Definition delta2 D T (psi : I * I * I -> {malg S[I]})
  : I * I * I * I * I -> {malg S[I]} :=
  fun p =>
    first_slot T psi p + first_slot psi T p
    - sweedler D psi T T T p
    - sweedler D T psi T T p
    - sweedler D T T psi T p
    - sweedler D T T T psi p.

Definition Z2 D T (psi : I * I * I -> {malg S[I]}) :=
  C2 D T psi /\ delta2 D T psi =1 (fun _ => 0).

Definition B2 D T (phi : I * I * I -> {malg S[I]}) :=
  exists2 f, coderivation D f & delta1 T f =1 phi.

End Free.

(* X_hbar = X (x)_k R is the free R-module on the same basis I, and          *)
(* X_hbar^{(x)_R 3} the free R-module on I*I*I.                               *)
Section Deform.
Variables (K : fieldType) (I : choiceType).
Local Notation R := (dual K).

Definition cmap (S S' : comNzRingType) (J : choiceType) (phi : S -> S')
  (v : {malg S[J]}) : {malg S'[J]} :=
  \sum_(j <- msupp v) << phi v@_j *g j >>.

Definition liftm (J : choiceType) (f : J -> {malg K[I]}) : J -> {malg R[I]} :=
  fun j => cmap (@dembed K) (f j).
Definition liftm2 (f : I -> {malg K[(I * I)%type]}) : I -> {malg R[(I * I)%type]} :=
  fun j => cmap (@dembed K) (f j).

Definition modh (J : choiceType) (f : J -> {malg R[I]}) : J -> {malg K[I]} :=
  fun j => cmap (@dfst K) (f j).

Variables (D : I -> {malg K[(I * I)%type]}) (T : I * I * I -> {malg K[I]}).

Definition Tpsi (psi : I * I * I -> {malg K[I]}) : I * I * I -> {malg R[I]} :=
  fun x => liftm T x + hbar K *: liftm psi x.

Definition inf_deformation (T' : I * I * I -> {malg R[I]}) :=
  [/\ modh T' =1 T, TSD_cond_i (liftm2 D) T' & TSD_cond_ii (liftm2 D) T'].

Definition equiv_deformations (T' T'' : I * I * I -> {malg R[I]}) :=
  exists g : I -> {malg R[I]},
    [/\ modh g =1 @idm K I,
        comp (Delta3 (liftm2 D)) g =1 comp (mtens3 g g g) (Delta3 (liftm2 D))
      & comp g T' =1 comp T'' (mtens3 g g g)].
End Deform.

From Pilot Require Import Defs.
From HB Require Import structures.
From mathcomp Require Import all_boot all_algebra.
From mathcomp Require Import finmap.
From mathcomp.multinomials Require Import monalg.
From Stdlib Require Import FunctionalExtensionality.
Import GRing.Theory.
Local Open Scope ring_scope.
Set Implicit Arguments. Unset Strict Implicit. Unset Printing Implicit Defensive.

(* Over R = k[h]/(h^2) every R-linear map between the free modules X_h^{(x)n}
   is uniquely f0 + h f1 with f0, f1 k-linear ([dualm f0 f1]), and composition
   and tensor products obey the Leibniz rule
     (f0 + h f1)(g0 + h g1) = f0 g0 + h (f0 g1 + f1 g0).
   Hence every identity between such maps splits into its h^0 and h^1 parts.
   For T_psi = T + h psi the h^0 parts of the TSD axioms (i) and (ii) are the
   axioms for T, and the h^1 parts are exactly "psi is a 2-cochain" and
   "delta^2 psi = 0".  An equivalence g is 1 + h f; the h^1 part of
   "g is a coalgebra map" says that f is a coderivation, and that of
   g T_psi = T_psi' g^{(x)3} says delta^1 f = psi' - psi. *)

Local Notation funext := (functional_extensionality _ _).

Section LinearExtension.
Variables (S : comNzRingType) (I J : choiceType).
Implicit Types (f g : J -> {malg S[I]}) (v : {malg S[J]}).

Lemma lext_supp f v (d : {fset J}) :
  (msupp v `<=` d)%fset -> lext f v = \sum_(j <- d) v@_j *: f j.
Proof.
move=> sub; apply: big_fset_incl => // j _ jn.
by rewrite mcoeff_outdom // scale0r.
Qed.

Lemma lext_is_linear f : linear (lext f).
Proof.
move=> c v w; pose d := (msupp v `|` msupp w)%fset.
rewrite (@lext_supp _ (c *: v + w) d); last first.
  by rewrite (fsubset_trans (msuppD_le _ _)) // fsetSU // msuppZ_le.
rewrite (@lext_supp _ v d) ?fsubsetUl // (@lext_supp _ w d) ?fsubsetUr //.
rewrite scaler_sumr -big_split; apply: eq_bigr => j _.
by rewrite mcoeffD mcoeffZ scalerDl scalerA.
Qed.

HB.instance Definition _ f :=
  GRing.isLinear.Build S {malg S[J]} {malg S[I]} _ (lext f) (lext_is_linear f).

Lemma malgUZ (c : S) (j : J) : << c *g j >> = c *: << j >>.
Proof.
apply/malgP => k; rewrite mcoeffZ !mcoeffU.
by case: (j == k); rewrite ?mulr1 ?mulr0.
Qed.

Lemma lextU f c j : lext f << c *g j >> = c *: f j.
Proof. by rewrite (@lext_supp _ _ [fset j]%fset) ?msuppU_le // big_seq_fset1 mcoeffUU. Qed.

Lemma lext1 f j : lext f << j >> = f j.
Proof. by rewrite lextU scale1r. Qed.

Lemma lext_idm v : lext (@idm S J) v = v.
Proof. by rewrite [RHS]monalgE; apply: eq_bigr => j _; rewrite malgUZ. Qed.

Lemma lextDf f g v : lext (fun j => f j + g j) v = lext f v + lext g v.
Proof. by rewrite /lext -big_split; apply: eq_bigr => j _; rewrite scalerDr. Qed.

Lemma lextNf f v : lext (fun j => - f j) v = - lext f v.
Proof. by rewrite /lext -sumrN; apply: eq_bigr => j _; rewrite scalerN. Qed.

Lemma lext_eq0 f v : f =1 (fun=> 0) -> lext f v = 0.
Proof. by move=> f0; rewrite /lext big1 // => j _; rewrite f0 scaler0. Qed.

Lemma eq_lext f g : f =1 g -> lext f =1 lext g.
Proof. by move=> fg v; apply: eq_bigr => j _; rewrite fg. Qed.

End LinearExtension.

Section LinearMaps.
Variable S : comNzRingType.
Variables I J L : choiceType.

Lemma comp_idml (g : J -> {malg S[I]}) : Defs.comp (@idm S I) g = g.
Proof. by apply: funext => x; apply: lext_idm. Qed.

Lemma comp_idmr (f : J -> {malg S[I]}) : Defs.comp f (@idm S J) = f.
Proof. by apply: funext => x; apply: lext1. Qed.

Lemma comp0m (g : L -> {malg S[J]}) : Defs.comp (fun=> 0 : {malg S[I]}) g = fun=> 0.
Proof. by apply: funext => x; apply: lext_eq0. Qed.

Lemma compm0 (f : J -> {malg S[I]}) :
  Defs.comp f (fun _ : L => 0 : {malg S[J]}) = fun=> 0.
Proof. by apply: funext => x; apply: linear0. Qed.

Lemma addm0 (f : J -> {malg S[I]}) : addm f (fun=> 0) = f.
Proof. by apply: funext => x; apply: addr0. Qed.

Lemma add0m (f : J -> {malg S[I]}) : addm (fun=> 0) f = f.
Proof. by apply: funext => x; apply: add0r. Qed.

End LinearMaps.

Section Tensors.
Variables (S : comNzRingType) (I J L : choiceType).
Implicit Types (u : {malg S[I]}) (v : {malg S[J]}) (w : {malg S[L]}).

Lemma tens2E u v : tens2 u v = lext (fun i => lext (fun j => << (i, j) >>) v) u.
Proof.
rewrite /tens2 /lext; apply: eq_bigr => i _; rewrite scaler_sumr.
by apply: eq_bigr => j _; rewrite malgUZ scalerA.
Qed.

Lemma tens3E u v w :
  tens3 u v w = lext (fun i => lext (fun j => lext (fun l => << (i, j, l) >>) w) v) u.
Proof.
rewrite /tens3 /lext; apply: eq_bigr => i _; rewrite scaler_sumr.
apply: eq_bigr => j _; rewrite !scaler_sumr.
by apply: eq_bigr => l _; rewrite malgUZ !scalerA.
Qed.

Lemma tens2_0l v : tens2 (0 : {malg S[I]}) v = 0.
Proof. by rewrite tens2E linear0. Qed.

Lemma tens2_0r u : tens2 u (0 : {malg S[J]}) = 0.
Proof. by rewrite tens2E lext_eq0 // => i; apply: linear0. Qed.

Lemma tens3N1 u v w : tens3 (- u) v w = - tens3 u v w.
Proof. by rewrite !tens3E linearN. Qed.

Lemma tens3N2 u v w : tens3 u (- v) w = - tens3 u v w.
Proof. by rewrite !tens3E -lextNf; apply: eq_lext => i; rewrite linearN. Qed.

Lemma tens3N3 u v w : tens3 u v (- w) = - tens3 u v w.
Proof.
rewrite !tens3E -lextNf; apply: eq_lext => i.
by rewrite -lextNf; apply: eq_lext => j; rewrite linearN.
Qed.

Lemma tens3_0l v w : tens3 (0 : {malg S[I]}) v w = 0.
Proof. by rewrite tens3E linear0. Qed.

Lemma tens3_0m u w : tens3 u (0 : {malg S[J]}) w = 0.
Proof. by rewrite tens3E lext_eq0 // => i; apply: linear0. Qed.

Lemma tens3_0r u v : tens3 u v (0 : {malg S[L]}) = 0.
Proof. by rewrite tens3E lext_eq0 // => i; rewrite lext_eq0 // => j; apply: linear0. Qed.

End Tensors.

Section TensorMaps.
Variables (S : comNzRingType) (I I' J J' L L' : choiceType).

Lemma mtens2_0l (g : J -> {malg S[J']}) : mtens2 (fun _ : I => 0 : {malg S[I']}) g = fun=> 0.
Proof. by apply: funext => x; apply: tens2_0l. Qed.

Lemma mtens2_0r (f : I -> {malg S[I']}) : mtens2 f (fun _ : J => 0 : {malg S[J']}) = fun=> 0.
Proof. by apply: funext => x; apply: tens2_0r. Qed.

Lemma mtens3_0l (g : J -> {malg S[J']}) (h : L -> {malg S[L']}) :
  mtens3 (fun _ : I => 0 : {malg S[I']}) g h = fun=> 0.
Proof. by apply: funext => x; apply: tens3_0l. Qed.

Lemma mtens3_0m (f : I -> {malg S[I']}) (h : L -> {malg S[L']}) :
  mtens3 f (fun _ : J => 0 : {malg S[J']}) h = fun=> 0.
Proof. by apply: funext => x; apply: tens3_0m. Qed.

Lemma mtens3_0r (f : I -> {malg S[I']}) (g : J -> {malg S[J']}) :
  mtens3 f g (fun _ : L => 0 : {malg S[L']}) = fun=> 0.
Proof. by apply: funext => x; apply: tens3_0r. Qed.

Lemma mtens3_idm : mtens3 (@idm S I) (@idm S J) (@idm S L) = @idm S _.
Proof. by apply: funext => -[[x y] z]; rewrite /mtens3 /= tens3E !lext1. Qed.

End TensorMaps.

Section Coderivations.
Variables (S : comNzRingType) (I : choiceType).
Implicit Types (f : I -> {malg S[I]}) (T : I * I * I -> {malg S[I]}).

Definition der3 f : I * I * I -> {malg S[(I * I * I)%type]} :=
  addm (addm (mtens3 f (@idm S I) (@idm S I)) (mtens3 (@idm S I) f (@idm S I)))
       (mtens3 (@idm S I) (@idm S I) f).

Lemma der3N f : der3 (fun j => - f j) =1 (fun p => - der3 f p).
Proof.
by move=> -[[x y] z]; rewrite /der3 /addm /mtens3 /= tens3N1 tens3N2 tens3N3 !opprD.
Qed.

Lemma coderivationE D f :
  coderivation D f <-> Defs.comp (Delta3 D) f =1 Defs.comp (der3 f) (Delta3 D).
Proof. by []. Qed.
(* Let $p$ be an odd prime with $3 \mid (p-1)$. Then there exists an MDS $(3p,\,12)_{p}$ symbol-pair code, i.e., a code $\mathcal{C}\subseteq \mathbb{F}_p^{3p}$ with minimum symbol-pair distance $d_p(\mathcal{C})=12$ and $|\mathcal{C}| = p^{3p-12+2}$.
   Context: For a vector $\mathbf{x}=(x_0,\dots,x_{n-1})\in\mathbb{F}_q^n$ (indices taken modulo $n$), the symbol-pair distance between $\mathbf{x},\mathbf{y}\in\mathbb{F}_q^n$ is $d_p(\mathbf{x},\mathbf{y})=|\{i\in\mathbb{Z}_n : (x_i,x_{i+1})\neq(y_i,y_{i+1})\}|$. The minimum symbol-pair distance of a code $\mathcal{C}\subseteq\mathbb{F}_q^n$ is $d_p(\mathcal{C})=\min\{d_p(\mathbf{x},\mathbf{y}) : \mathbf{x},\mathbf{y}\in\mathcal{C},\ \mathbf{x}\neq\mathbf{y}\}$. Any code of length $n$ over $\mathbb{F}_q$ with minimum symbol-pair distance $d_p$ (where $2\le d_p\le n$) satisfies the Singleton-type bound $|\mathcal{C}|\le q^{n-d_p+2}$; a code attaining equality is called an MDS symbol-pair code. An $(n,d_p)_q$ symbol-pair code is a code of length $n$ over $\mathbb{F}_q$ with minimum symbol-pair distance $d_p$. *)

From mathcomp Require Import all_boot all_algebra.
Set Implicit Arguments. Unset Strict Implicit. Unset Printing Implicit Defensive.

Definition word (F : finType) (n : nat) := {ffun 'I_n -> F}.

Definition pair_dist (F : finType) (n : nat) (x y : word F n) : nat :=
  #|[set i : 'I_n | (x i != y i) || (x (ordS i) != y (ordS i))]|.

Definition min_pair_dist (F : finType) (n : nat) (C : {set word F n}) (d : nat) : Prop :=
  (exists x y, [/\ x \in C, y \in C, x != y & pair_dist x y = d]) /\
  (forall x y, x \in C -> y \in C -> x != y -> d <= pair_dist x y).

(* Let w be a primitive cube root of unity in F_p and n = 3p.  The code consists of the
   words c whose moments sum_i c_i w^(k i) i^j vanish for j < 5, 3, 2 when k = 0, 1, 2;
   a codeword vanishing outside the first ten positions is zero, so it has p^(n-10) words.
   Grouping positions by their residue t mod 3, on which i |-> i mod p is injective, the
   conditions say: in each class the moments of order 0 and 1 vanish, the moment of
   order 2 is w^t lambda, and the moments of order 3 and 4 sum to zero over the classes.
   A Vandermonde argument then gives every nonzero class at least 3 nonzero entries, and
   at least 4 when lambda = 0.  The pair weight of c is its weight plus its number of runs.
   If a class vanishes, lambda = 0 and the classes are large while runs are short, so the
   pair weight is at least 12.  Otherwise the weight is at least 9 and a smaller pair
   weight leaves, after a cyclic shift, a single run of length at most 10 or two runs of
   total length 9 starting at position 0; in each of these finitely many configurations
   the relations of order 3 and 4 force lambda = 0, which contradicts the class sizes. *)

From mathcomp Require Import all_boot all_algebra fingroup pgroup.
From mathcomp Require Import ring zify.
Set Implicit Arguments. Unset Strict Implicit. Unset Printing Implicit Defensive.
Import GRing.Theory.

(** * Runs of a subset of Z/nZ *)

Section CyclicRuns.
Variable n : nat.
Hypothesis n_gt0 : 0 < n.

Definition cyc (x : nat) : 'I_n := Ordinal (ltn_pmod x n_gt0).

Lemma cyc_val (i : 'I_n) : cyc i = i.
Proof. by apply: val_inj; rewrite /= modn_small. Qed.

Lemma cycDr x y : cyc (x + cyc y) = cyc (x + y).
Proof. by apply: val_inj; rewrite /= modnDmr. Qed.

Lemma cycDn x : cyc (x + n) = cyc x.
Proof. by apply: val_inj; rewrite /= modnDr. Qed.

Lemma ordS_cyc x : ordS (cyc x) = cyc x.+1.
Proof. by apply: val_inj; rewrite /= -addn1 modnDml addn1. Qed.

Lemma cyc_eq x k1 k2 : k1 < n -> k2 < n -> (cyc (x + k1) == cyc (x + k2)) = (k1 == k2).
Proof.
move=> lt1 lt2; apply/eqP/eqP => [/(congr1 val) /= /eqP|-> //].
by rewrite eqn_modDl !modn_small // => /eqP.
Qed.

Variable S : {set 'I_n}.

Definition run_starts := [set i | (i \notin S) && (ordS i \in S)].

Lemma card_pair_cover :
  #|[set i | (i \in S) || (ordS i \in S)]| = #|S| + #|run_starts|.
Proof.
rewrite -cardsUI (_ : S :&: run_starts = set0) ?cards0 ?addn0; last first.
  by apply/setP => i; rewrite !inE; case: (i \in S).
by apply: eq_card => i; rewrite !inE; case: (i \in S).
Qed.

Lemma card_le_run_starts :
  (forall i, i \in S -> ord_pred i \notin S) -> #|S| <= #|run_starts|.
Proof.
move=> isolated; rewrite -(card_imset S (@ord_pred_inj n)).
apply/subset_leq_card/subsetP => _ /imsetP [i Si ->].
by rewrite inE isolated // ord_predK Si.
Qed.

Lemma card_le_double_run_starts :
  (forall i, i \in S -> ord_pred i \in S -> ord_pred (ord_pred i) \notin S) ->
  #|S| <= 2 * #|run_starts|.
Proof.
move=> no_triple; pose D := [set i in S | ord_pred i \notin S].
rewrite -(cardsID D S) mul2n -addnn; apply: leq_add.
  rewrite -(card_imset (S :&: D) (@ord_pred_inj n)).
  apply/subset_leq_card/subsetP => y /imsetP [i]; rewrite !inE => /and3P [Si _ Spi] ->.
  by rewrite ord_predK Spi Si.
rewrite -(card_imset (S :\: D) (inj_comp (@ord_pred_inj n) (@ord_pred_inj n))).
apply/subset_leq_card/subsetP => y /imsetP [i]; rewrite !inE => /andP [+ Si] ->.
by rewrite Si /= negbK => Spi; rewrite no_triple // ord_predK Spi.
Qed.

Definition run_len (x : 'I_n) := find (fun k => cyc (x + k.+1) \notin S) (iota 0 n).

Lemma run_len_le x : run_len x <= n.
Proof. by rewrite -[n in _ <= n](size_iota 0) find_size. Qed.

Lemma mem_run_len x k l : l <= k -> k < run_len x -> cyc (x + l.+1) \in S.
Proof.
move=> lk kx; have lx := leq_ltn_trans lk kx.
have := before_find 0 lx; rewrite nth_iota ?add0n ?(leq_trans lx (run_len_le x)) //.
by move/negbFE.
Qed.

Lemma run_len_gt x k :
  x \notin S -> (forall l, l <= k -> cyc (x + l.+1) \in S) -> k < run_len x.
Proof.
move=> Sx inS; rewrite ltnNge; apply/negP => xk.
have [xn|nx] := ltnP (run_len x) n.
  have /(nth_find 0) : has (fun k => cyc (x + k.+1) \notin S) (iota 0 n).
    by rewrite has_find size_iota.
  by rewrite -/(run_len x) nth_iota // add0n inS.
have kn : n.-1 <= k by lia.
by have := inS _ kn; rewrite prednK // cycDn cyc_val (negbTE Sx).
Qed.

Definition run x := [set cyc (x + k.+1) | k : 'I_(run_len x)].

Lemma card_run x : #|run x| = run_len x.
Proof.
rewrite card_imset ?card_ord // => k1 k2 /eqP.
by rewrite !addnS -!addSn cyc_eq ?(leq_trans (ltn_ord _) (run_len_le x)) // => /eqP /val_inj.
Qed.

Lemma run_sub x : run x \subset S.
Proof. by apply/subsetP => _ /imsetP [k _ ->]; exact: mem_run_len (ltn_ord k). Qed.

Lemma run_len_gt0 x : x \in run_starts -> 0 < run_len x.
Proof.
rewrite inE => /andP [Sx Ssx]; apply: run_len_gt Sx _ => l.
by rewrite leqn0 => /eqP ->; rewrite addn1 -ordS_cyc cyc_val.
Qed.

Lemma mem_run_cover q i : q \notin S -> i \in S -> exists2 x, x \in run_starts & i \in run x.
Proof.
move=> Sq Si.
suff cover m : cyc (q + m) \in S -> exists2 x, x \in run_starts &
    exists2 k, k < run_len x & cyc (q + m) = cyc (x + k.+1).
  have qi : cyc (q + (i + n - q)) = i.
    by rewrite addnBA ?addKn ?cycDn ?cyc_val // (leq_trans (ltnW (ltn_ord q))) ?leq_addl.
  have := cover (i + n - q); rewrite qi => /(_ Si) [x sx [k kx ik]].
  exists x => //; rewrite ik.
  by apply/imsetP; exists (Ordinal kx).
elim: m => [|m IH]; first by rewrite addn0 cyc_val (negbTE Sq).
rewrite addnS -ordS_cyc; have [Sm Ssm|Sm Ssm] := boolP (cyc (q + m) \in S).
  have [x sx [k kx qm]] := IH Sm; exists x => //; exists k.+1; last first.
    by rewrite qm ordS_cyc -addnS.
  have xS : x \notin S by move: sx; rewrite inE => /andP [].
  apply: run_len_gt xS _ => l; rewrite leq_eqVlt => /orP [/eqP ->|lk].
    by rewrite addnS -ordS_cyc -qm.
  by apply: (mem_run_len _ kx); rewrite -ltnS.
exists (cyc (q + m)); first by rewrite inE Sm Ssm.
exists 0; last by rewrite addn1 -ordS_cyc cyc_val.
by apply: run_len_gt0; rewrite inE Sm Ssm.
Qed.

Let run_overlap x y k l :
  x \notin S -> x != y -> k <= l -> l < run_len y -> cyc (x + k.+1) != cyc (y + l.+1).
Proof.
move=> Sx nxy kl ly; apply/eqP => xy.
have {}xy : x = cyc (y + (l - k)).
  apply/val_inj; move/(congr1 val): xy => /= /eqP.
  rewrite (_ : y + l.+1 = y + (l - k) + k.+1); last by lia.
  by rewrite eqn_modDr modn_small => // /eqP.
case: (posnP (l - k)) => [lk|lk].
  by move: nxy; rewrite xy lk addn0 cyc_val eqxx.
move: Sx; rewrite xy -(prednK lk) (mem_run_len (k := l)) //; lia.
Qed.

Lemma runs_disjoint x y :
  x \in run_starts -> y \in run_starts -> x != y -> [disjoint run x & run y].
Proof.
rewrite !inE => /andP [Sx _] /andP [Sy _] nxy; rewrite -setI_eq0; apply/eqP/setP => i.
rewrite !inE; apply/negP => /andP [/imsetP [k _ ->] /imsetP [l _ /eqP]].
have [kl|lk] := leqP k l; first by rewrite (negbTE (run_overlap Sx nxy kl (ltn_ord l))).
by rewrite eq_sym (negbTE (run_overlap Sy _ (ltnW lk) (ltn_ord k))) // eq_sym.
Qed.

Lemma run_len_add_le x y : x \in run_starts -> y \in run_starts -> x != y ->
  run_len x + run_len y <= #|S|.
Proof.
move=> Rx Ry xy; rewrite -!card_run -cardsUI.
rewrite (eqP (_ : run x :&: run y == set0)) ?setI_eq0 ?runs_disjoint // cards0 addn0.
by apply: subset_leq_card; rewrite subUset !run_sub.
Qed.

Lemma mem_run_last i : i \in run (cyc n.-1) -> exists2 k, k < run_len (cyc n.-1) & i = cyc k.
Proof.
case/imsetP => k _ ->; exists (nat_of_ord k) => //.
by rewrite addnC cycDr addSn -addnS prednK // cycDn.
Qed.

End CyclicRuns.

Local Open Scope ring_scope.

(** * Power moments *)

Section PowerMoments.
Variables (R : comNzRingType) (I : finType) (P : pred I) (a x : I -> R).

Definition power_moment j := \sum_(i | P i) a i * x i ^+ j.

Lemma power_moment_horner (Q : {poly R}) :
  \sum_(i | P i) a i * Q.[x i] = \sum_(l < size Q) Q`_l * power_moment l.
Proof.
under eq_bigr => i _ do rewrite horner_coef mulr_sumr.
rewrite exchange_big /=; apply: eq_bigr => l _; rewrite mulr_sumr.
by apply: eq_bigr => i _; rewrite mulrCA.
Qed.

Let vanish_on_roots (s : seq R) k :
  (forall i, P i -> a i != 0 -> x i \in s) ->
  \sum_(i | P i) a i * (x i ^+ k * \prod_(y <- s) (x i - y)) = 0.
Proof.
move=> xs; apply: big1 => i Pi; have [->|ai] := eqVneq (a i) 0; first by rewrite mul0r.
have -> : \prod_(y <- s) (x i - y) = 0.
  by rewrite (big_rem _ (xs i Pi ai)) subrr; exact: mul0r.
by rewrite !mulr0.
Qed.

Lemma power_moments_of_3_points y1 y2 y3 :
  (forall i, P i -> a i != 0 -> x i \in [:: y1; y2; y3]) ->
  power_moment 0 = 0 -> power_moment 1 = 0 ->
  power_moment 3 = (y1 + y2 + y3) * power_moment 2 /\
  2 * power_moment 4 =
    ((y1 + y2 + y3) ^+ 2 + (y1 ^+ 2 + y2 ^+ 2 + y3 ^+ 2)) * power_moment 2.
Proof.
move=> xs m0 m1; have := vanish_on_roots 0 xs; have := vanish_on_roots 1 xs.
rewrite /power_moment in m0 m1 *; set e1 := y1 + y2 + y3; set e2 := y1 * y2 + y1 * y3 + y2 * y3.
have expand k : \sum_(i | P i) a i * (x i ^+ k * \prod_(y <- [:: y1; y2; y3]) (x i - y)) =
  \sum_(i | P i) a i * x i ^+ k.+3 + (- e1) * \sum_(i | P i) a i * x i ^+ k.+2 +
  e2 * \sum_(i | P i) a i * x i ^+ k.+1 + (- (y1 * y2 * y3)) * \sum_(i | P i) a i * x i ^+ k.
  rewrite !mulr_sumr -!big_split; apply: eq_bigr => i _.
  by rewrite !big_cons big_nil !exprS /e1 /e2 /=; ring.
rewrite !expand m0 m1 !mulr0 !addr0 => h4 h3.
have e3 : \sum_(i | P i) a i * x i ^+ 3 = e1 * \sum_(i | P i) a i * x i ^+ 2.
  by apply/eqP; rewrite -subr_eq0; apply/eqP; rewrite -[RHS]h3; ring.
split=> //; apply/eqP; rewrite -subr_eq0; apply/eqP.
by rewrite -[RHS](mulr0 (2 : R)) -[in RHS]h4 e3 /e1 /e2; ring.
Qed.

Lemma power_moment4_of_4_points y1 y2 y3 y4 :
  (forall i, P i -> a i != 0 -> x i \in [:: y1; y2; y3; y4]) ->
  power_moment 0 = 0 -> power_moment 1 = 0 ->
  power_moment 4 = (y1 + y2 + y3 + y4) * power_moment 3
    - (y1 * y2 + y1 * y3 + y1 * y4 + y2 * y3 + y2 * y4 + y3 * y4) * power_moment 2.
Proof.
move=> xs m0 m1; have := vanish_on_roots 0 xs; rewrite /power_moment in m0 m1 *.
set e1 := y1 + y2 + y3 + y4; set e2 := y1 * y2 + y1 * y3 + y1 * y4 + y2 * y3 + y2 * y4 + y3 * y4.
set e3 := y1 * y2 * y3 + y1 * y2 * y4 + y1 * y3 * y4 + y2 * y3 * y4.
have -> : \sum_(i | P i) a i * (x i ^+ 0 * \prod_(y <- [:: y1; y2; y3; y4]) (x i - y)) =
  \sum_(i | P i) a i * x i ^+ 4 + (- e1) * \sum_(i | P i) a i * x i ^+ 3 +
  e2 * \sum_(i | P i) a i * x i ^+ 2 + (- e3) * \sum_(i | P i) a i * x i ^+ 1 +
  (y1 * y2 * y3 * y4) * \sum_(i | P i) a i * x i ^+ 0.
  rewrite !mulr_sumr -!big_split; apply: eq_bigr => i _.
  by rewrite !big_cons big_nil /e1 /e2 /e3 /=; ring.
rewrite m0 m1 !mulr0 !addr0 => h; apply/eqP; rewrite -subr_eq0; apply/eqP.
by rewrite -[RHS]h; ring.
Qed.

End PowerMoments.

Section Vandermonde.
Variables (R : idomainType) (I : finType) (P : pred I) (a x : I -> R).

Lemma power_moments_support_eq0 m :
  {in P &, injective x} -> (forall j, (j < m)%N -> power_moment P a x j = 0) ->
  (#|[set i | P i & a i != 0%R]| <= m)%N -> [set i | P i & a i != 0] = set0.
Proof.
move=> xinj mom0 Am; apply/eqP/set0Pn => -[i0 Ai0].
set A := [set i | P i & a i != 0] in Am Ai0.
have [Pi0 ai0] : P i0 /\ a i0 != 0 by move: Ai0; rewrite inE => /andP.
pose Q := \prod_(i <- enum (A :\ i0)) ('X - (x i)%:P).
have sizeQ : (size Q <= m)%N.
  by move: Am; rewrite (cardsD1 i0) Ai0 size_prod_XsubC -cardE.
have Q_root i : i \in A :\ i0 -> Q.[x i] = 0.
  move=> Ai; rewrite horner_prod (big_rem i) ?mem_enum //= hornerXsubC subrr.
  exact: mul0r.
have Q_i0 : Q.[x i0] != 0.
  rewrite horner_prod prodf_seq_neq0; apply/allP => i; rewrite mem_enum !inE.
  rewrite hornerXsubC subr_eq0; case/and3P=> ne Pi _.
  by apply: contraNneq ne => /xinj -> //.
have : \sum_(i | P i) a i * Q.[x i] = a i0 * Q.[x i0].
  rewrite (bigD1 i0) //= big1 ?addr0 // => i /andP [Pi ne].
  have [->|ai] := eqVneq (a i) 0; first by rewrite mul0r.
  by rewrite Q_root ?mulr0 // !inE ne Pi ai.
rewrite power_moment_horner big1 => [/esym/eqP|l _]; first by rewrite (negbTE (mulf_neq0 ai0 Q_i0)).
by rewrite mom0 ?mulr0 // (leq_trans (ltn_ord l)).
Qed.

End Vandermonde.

■ ■ ■ ■ ■ ■ ■

EXERCISE OBJECTIVE
Within the listing above, the range opens at the line with "Grouping positions by" and closes at the line with "pair weight is". Reproduce exactly the lines of that range, including both ends.

FINAL ANSWER
   Grouping positions by their residue t mod 3, on which i |-> i mod p is injective, the
   conditions say: in each class the moments of order 0 and 1 vanish, the moment of
   order 2 is w^t lambda, and the moments of order 3 and 4 sum to zero over the classes.
   A Vandermonde argument then gives every nonzero class at least 3 nonzero entries, and
   at least 4 when lambda = 0.  The pair weight of c is its weight plus its number of runs.
   If a class vanishes, lambda = 0 and the classes are large while runs are short, so the
   pair weight is at least 12.  Otherwise the weight is at least 9 and a smaller pair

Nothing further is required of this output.